Earlier this week, the SEC's Division of Examinations released its 2024 examination priorities. While many of these priorities are expected, and reflect the goals articulated by the SEC in prior years, there is a noticeable absence from this list of priorities: nowhere does the SEC explicitly mention the issue of climate-based risks.
While the SEC Division of Examinations may not have adopted the same focus on climate risk as other elements of the SEC, this issue had been noted in prior lists of examination priorities.
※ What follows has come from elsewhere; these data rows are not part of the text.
(* Let $R$ be a $\Bbbk$-algebra, $\sigma\in\operatorname{Aut}_\Bbbk(R)$, $H,J$ two-sided ideals of $R$, and $B=R(t,\sigma,H,J)$. Then: (1) $B$ is a $\mathbb Z$-graded subalgebra of $R[t,t^{-1};\sigma]$, with $B_n=I^{(n)}t^n$ in degree $n$; (2) $B$ is generated as a $\Bbbk$-algebra by $R$, $Jt=\{jt: j\in J\}$ and $\sigma^{-1}(H)t^{-1}=\{\sigma^{-1}(h)t^{-1}:h\in H\}$; (3) $B$ is a domain if and only if $R$ is a domain; (4) suppose $R$ is a domain, $\sigma$ has infinite order, and for no integer $k\neq 0$ does there exist a nonzero $a\in R$ with $ra=a\sigma^k(r)$ for all $r\in R$. Then the center of $B$ equals $Z(R)^{\langle\sigma\rangle}=\{z\in Z(R):\sigma(z)=z\}$, where $Z(R)$ is the center of $R$.
   Context: $\Bbbk$ is a field; all algebras are associative unital $\Bbbk$-algebras. For an algebra $R$ and $\sigma\in\operatorname{Aut}_\Bbbk(R)$, $R[t,t^{-1};\sigma]$ is the skew Laurent ring: generated over $R$ by $t,t^{-1}$ with $tt^{-1}=t^{-1}t=1$ and $t^{\pm1}r=\sigma^{\pm1}(r)t^{\pm1}$ for $r\in R$. Given two-sided ideals $H,J$ of $R$, set $I^{(0)}=R$, $I^{(n)}=J\sigma(J)\cdots\sigma^{n-1}(J)$ for $n\ge1$, and $I^{(n)}=\sigma^{-1}(H)\sigma^{-2}(H)\cdots\sigma^{n}(H)$ for $n\le-1$; it is assumed throughout that $I^{(n)}\neq0$ for all $n\in\mathbb Z$. The Bell–Rogalski (BR) algebra is $R(t,\sigma,H,J)=\bigoplus_{n\in\mathbb Z}I^{(n)}t^n\subseteq R[t,t^{-1};\sigma]$. *)

From HB Require Import structures.
From mathcomp Require Import all_boot all_order all_algebra.
Set Implicit Arguments. Unset Strict Implicit. Unset Printing Implicit Defensive.
Import Order.TTheory GRing.Theory Num.Theory.
Local Open Scope ring_scope.

Definition two_sided_ideal (R : nzRingType) (I : R -> Prop) : Prop :=
  I 0 /\ (forall x y, I x -> I y -> I (x + y)) /\
  (forall r x, I x -> I (r * x) /\ I (x * r)).

Definition img (A B : Type) (f : A -> B) (X : A -> Prop) : B -> Prop :=
  fun y => exists x, X x /\ y = f x.

Definition ideal_prod (R : nzRingType) (F : nat -> R -> Prop) (m : nat) : R -> Prop :=
  fun x => exists (l : nat) (w : 'I_l -> nat -> R),
    (forall j i, (i < m)%N -> F i (w j i)) /\
    x = \sum_(j < l) \prod_(i < m) w j i.

Definition sigz (R : Type) (s sinv : R -> R) (n : int) : R -> R :=
  match n with
  | Posz m => iter m s
  | Negz m => iter m.+1 sinv
  end.

(* I^(n):  R for n = 0;  J s(J) ... s^(n-1)(J) for n >= 1;
   s^-1(H) s^-2(H) ... s^n(H) for n <= -1. *)
Definition Iseq (R : nzRingType) (s sinv : R -> R) (H J : R -> Prop) (n : int)
  : R -> Prop :=
  match n with
  | Posz 0 => fun _ => True
  | Posz m.+1 => ideal_prod (fun i => img (sigz s sinv (Posz i)) J) m.+1
  | Negz m => ideal_prod (fun i => img (sigz s sinv (Negz i)) H) m.+1
  end.

Definition tpow (S : nzRingType) (t tinv : S) (n : int) : S :=
  match n with
  | Posz m => t ^+ m
  | Negz m => tinv ^+ m.+1
  end.

Definition laurent_sum (R S : nzRingType) (iota : R -> S) (t tinv : S)
  (m : nat) (c : int -> R) : S :=
  \sum_(i < (m.*2).+1) iota (c (i%:Z - m%:Z)) * tpow t tinv (i%:Z - m%:Z).

(* (S, iota, t) is the skew Laurent ring R[t, t^-1; sigma]: iota : R -> S is an
   injective k-algebra morphism, t is a unit with inverse tinv,
   t iota(r) = iota(sigma r) t, and every element of S is uniquely a finite
   sum  \sum_n iota(r_n) t^n  (i.e. S is free as a left R-module on the t^n). *)
Definition is_skew_laurent (k : fieldType) (R S : algType k) (sigma : R -> R)
  (iota : {lrmorphism R -> S}) (t tinv : S) : Prop :=
  injective iota /\ t * tinv = 1 /\ tinv * t = 1 /\
  (forall r, t * iota r = iota (sigma r) * t) /\
  (forall s, exists m c, s = laurent_sum iota t tinv m c) /\
  (forall m c, laurent_sum iota t tinv m c = 0 ->
     forall n : int, (`|n| <= m)%N -> c n = 0).

Definition BR (R S : nzRingType) (s sinv : R -> R) (H J : R -> Prop)
  (iota : R -> S) (t tinv : S) : S -> Prop :=
  fun x => exists m c, x = laurent_sum iota t tinv m c /\
    forall n : int, (`|n| <= m)%N -> Iseq s sinv H J n (c n).

Definition BRdeg (R S : nzRingType) (s sinv : R -> R) (H J : R -> Prop)
  (iota : R -> S) (t tinv : S) (n : int) : S -> Prop :=
  fun x => exists r, Iseq s sinv H J n r /\ x = iota r * tpow t tinv n.

Definition is_subalg (k : fieldType) (S : algType k) (P : S -> Prop) : Prop :=
  P 1 /\ (forall x y, P x -> P y -> P (x + y)) /\
  (forall x y, P x -> P y -> P (x * y)) /\
  (forall (a : k) x, P x -> P (a *: x)).

Definition gen_subalg (k : fieldType) (S : algType k) (G : S -> Prop) : S -> Prop :=
  fun x => forall P, is_subalg P -> (forall g, G g -> P g) -> P x.

Definition is_domain (R : nzRingType) : Prop :=
  (1 : R) != 0 /\ forall a b : R, a * b = 0 -> a = 0 \/ b = 0.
For example, last year's report on examination priorities had stated that “the Division will continue to assess systematically significant registrants' operational resiliency planning, such as their efforts to consider and/or address climate risk.” Here, the closest link to climate issues was the phrase “intense weather-related events” in a list of identified “operational disruption risks.” (Specifically, the SEC identified the following “operational disruption risks” in the 2024 report: “proliferation of cybersecurity attacks, firms' dispersed operations, intense weather-related events, and geopolitical concerns.”)
Although the SEC has continued to advance much of its climate-focused agenda, including the recent Names rule (which essentially targets greenwashing), it does seem noteworthy that--at least in this one respect--climate risks appear to have been downgraded among the SEC's stated priorities.
The Securities and Exchange Commission’s Division of Examinations today released its 2024 examination priorities to inform investors and registrants of the key risks, examination topics, and priorities that the Division plans to focus on in the upcoming year. This year’s examinations will prioritize areas that pose emerging risks to investors or the markets in addition to core and perennial risk areas.